RECORD SET
(* Let $0<p<1$, let $\epsilon_1,\epsilon_2,\dots$ be i.i.d. $\mathrm{Bernoulli}(p)$ random variables, and let $Y_i=\begin{pmatrix}\epsilon_i&1\\1&0\end{pmatrix}$, $S_n=Y_nY_{n-1}\cdots Y_1$. Then the top Lyapunov exponent $\lambda(p)=\lim_{n\to\infty}\frac1n\mathbb{E}[\log\|S_n\|]$ satisfies \[ \frac{p\log 3}{4-p}\le \lambda(p)\le \frac{p\log 3}{2}. \]
   Context: $\mathrm{Bernoulli}(p)$ means $\mathbb{P}(\epsilon=1)=p$, $\mathbb{P}(\epsilon=0)=1-p$. $\|\cdot\|$ is any matrix norm (the limit is independent of the choice). It is known that $\lambda(p)=\mathbb{E}[\log X_p]$, where $X_p$ is a $(0,\infty)$-valued random variable with atomless law, uniquely determined by $X_p\sim\frac1{X_p}+\epsilon$ with $\epsilon\sim\mathrm{Bernoulli}(p)$ independent of $X_p$. *)

From Stdlib Require Import Reals List.
Import ListNotations.
Open Scope R_scope.

(* 2x2 real matrices [[a b];[c d]] as quadruples (a, b, c, d). *)
Definition mat2 : Type := (R * R * R * R)%type.

Definition mat2_mul (M N : mat2) : mat2 :=
  match M, N with
  | (a, b, c, d), (a', b', c', d') =>
      (a * a' + b * c', a * b' + b * d', c * a' + d * c', c * b' + d * d')
  end.

Definition mat2_id : mat2 := (1, 0, 0, 1).

(* The matrix norm used: entrywise 1-norm (a submultiplicative matrix norm);
   the Lyapunov exponent does not depend on the choice of norm. *)
Definition mat2_norm (M : mat2) : R :=
  match M with (a, b, c, d) => Rabs a + Rabs b + Rabs c + Rabs d end.

Definition Ymat (e : bool) : mat2 := (if e then 1 else 0, 1, 1, 0).

(* For the outcome list [e_1; ...; e_n], S_n = Y_n Y_{n-1} ... Y_1. *)
Definition Sprod (l : list bool) : mat2 :=
  fold_left (fun M e => mat2_mul (Ymat e) M) l mat2_id.

Fixpoint all_bits (n : nat) : list (list bool) :=
  match n with
  | O => (@nil bool) :: nil
  | S k => map (cons true) (all_bits k) ++ map (cons false) (all_bits k)
  end.

Definition bern_prob (p : R) (l : list bool) : R :=
  List.fold_right (fun (e : bool) (acc : R) => (if e then p else 1 - p) * acc) 1 l.

Definition bern_expect (p : R) (n : nat) (f : list bool -> R) : R :=
  List.fold_right (fun (l : list bool) (acc : R) => bern_prob p l * f l + acc) 0 (all_bits n).

Definition lyap_seq (p : R) (n : nat) : R :=
  bern_expect p n (fun l => ln (mat2_norm (Sprod l))) / INR n.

WHAT THIS TASK INVOLVES
What lines of the listing above hold "else"? Copy all of them.

EXERCISE RESULT
Definition Ymat (e : bool) : mat2 := (if e then 1 else 0, 1, 1, 0).
  List.fold_right (fun (e : bool) (acc : R) => (if e then p else 1 - p) * acc) 1 l.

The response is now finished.